Most people that I know shooting unknown just like the challenge of judging distance.


----------



## n2bows (May 21, 2002)

tmorelli said:


> I don't know what the right answer is. They are definitely two very different paths...
> 
> IMO, turning K50 into a pro-class has higher potential to grow from outside the sport and cleaning up "the path" from Bow Novice through the Open's and the K's can provide a long term benefit.
> 
> ...


First let me say, that I have never said that ASA should not offer unknown distance classes.
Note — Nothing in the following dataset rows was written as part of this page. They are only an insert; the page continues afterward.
Definition lie (R : realType) (n : nat) (X Y : 'M[R]_n) : 'M[R]_n :=
  X *m Y - Y *m X.

Definition cderive (R : realType) (n : nat) (f : R -> 'cV[R]_n) (t : R)
  : 'cV[R]_n := \col_i derive1 (fun s => f s i 0) t.
Definition mderive (R : realType) (n : nat) (f : R -> 'M[R]_n) (t : R)
  : 'M[R]_n := \matrix_(i, j) derive1 (fun s => f s i j) t.

Definition cdifferentiable (R : realType) (n : nat) (f : R -> 'cV[R]_n) : Prop :=
  forall (t : R) (i : 'I_n), derivable (fun s => f s i 0) t 1.

Definition grad (R : realType) (n : nat) (F : 'cV[R]_n -> R) (x : 'cV[R]_n)
  : 'cV[R]_n := \col_j derive1 (fun s => F (x + s *: delta_mx j 0)) 0.

Definition boldI (R : realType) (n : nat) (II : 'M[R]_n -> 'M[R]_n) (D : R)
  (X : 'M[R]_n) : 'M[R]_n := II X + D *: X.

Definition lagr (R : realType) (n : nat) (eps : R) (I : 'M[R]_n -> 'M[R]_n)
  (x v : 'cV[R]_n) : R :=
  - ((2%:R * eps ^+ 2)^-1 * dotv (I (wedge x v) *m x) v).

Definition JK (R : realType) (n : nat) (eps : R) (I : 'M[R]_n -> 'M[R]_n)
  (x v dx : 'cV[R]_n) : R :=
  (2%:R * eps - 1) / eps ^+ 3 * dotv (I (wedge x v) *m v) dx.

Definition gyro_f (R : realType) (n : nat) (eps : R) (kappa : 'M[R]_n)
  (v dx : 'cV[R]_n) : R :=
  (eps ^+ 2)^-1 * dotv v (kappa *m dx).

(* delta l = < dl/dgamma - d/dt dl/dgammadot , dgamma > along the curve gamma at time t,
   partial derivatives taken in the ambient R^n x R^n *)
Definition delta_l (R : realType) (n : nat) (eps : R) (I : 'M[R]_n -> 'M[R]_n)
  (gamma : R -> 'cV[R]_n) (t : R) (dx : 'cV[R]_n) : R :=
  dotv (grad (fun x => lagr eps I x (cderive gamma t)) (gamma t)
        - cderive (fun s => grad (fun v => lagr eps I (gamma s) v)
                                  (cderive gamma s)) t) dx.

From HB Require Import structures.
From mathcomp Require Import all_boot all_order all_algebra.
From mathcomp Require Import all_classical all_reals all_analysis.
From mathcomp Require Import ring lra.
Import Order.TTheory GRing.Theory Num.Theory.
Local Open Scope ring_scope.
Set Implicit Arguments. Unset Strict Implicit.

(* The Lagrangian is quadratic in the velocity, and the symmetry of I on so(n)
   gives dl/dγ = ε⁻² I(γ∧γ̇)γ̇ and dl/dγ̇ = -ε⁻² I(γ∧γ̇)γ.  As γ̇∧γ̇ = 0,
   δl = <ε⁻² I(γ∧γ̈)γ + 2ε⁻² I(γ∧γ̇)γ̇, δγ>, and subtracting JK leaves the
   coefficient 2ε⁻² - (2ε-1)ε⁻³ = ε⁻³.  For the second identity, the constraint
   says (γ∧γ̇)γ = -γ̇, so for δγ ⊥ γ and skew A, <[A, γ∧γ̇]γ, δγ> = -<Aγ̇, δγ>.
   Pairing the Euler-Poincaré equation with γ and δγ, the multiplier λ₀ drops
   out, the inertia term cancels ε⁻³ <I(γ∧γ̇)γ̇, δγ>, and only the gyroscopic
   term survives. *)

Section InnerProducts.
Variables (R : realType) (n : nat).
Implicit Types (x y z v : 'cV[R]_n) (A B : 'M[R]_n).

Lemma dotvE x y : dotv x y = (x^T *m y) 0 0.
Proof. by rewrite /dotv mxE; apply: eq_bigr => i _; rewrite mxE. Qed.

Lemma dotvC x y : dotv x y = dotv y x.
Proof. by rewrite /dotv; apply: eq_bigr => i _; rewrite mulrC. Qed.

Lemma dotvDl x y z : dotv (x + y) z = dotv x z + dotv y z.
Proof. by rewrite /dotv -big_split; apply: eq_bigr => i _; rewrite mxE mulrDl. Qed.

Lemma dotvZl (c : R) x z : dotv (c *: x) z = c * dotv x z.
Proof. by rewrite /dotv mulr_sumr; apply: eq_bigr => i _; rewrite mxE mulrA. Qed.

Lemma dotvNl x z : dotv (- x) z = - dotv x z.
Proof. by rewrite -scaleN1r dotvZl mulN1r. Qed.

Lemma dotvBl x y z : dotv (x - y) z = dotv x z - dotv y z.
Proof. by rewrite dotvDl dotvNl. Qed.

Lemma dotv0r x : dotv x 0 = 0.
Proof. by rewrite /dotv big1 // => i _; rewrite mxE mulr0. Qed.

Lemma dotv_delta_mx x (j : 'I_n) : dotv x (delta_mx j 0) = x j 0.
Proof.
rewrite /dotv (bigD1 j) //= big1 ?addr0; first by rewrite mxE !eqxx mulr1.
by move=> i /negbTE ij; rewrite mxE ij mulr0.
Qed.

Lemma trmx_mul_dotv x y : x^T *m y = (dotv x y)%:M.
Proof. by apply/matrixP => i j; rewrite !ord1 dotvE [RHS]mxE eqxx mulr1n. Qed.

Lemma wedge_mulmx x y z : wedge x y *m z = dotv y z *: x - dotv x z *: y.
Proof. by rewrite /wedge mulmxBl -!mulmxA !trmx_mul_dotv !mul_mx_scalar. Qed.

Lemma wedgeC x y : wedge x y = - wedge y x.
Proof. by rewrite /wedge opprB. Qed.

Lemma wedgexx x : wedge x x = 0.
Proof. by rewrite /wedge subrr. Qed.

Lemma wedge0l x : wedge 0 x = 0.
Proof. by rewrite /wedge trmx0 mulmx0 mul0mx subrr. Qed.

Lemma wedge0r x : wedge x 0 = 0.
Proof. by rewrite wedgeC wedge0l oppr0. Qed.

Lemma in_so_wedge x y : in_so (wedge x y).
Proof. by rewrite /in_so /wedge linearB /= !trmx_mul !trmxK opprB. Qed.

Lemma dotv_mulmx_so A x y : in_so A -> dotv (A *m x) y = - dotv x (A *m y).
Proof. by move=> A_so; rewrite !dotvE trmx_mul A_so mulmxN mulNmx -mulmxA mxE. Qed.

Lemma dotv_mulmx_so_diag A x : in_so A -> dotv x (A *m x) = 0.
Proof. by move=> A_so; have := dotv_mulmx_so x x A_so; rewrite dotvC; lra. Qed.

Lemma dotv_so_inner A x y : in_so A -> dotv y (A *m x) = so_inner A (wedge y x).
Proof.
move=> A_so; rewrite /so_inner /wedge mulmxBr linearB /= !mulmxA.
rewrite mxtrace_mulC [\tr (A *m x *m _)]mxtrace_mulC /mxtrace !big_ord1 -!dotvE.
rewrite [dotv x (A *m y)]dotvC dotv_mulmx_so // dotvC.
by field.
Qed.

Lemma so_innerC A B : so_inner A B = so_inner B A.
Proof. by rewrite /so_inner mxtrace_mulC. Qed.

Lemma so_innerNr A B : so_inner A (- B) = - so_inner A B.
Proof. by rewrite /so_inner mulmxN linearN /= mulrN. Qed.

Lemma so_innerNl A B : so_inner (- A) B = - so_inner A B.
Proof. by rewrite so_innerC so_innerNr so_innerC. Qed.

Lemma lieZl (c : R) A B : lie (c *: A) B = c *: lie A B.
Proof. by rewrite /lie -scalemxAl -scalemxAr scalerBr. Qed.

Lemma lieZr (c : R) A B : lie A (c *: B) = c *: lie A B.
Proof. by rewrite /lie -scalemxAl -scalemxAr scalerBr. Qed.

End InnerProducts.

Definition is_derive_mx (R : realType) p q (f : R -> 'M[R]_(p, q)) (t : R)
    (F : 'M[R]_(p, q)) :=
  forall i j, is_derive t (1 : R) (fun s => f s i j) (F i j).

Section MatrixDerivative.
Variables (R : realType) (t : R).

Lemma is_derive_fct_sum k (h : 'I_k -> R -> R) (dh : 'I_k -> R) :
  (forall i, is_derive t (1 : R) (h i) (dh i)) ->
  is_derive t (1 : R) (fun s => \sum_(i < k) h i s) (\sum_(i < k) dh i).
Proof. by move=> hh; rewrite -fct_sumE; exact: is_derive_sum. Qed.

Lemma is_derive_mx_cst p q (A : 'M[R]_(p, q)) : is_derive_mx (fun=> A) t 0.
Proof. by move=> i j; rewrite mxE; exact: is_derive_cst. Qed.

Lemma is_derive_mx_line p q (x e : 'M[R]_(p, q)) : is_derive_mx (fun s => x + s *: e) t e.
Proof.
move=> i j; under eq_fun do rewrite !mxE mulrC.
have := is_deriveD (is_derive_cst (x i j) t 1) (is_deriveZ (e i j) (is_derive_id t 1)).
by rewrite add0r [_ *: _]mulr1.
Qed.

Lemma is_derive_mxB p q (f g : R -> 'M[R]_(p, q)) F G :
  is_derive_mx f t F -> is_derive_mx g t G ->
  is_derive_mx (fun s => f s - g s) t (F - G).
Proof.
by move=> hf hg i j; rewrite !mxE; under eq_fun do rewrite !mxE; exact: is_deriveB.
Qed.

Lemma is_derive_mxZ p q (c : R) (f : R -> 'M[R]_(p, q)) F :
  is_derive_mx f t F -> is_derive_mx (fun s => c *: f s) t (c *: F).
Proof.
by move=> hf i j; rewrite mxE; under eq_fun do rewrite mxE; exact: is_deriveZ.
Qed.

Lemma is_derive_mx_tr p q (f : R -> 'M[R]_(p, q)) F :
  is_derive_mx f t F -> is_derive_mx (fun s => (f s)^T) t F^T.
Proof. by move=> hf i j; rewrite mxE; under eq_fun do rewrite mxE; exact: hf. Qed.

Lemma is_derive_mxM p q r (f : R -> 'M[R]_(p, q)) (g : R -> 'M[R]_(q, r)) F G :
  is_derive_mx f t F -> is_derive_mx g t G ->
  is_derive_mx (fun s => f s *m g s) t (F *m g t + f t *m G).
Proof.
move=> hf hg i j; rewrite !mxE -big_split /=; under eq_fun do rewrite mxE.
apply: is_derive_eq; first by apply: is_derive_fct_sum => k; exact: is_deriveM.
by apply: eq_bigr => k _ /=; rewrite addrC; congr (_ + _); apply: mulrC.
Qed.

Lemma is_derive_mx_linear p q p' q' (L : {linear 'M[R]_(p, q) -> 'M[R]_(p', q')})
    (f : R -> 'M[R]_(p, q)) F :
  is_derive_mx f t F -> is_derive_mx (fun s => L (f s)) t (L F).
Proof.
move=> hf i j.
have expand X : L X i j = \sum_(k < p) \sum_(l < q) X k l * L (delta_mx k l) i j.
  rewrite {1}(matrix_sum_delta X) linear_sum summxE; apply: eq_bigr => k _.
  by rewrite linear_sum summxE; apply: eq_bigr => l _; rewrite linearZ mxE.
under eq_fun do rewrite expand; rewrite expand.
apply: is_derive_fct_sum => k; apply: is_derive_fct_sum => l.
by under eq_fun do rewrite mulrC; rewrite mulrC; exact: is_deriveZ.
Qed.

Lemma is_derive_wedge n (x y : R -> 'cV[R]_n) X Y :
  is_derive_mx x t X -> is_derive_mx y t Y ->
  is_derive_mx (fun s => wedge (x s) (y s)) t (wedge X (y t) + wedge (x t) Y).
Proof.
move=> hx hy.
have -> : wedge X (y t) + wedge (x t) Y
        = (X *m (y t)^T + x t *m Y^T) - (Y *m (x t)^T + y t *m X^T).
  by rewrite /wedge addrACA opprD [- (Y *m _) + _]addrC.
exact: is_derive_mxB (is_derive_mxM hx (is_derive_mx_tr hy))
                     (is_derive_mxM hy (is_derive_mx_tr hx)).
Qed.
The way that it is done now is good, they offer something for everyone (almost), They just need to do a little tweeking. 

The K50 class has been treated like red headed step children ever since it was started! (And most of us know the reason for that.) When ASA did away with the Limited Pro class, that was the perfect time for them to go ahead and make the K50 a legetment Known Pro class. In every type of sports whether it is archery, football, golf or racing. There is a Pro level that is there as the ultiment goal for most people to achieve. And known distance 3-D dosen't have that right now. When ASA does finally make the K50 a Known Pro class, that is when the class WILL draw shooters from other venues. And that's WHEN the contingencey and more sponsors WILL come. 

I also feel that the K45 should be treated more like a semi-pro known class.


----------



## tagmaster10 (Jan 26, 2011)

n2bows said:


> First let me say, that I have never said that ASA should not offer unknown distance classes. The way that it is done now is good, they offer something for everyone (almost), They just need to do a little tweeking.
> 
> The K50 class has been treated like red headed step children ever since it was started! (And most of us know the reason for that.) When ASA did away with the Limited Pro class, that was the perfect time for them to go ahead and make the K50 a legetment Known Pro class. In every type of sports whether it is archery, football, golf or racing. There is a Pro level that is there as the ultiment goal for most people to achieve. And known distance 3-D dosen't have that right now. When ASA does finally make the K50 a Known Pro class, that is when the class WILL draw shooters from other venues. And that's WHEN the contingencey and more sponsors WILL come.
> 
> I also feel that the K45 should be treated more like a semi-pro known class.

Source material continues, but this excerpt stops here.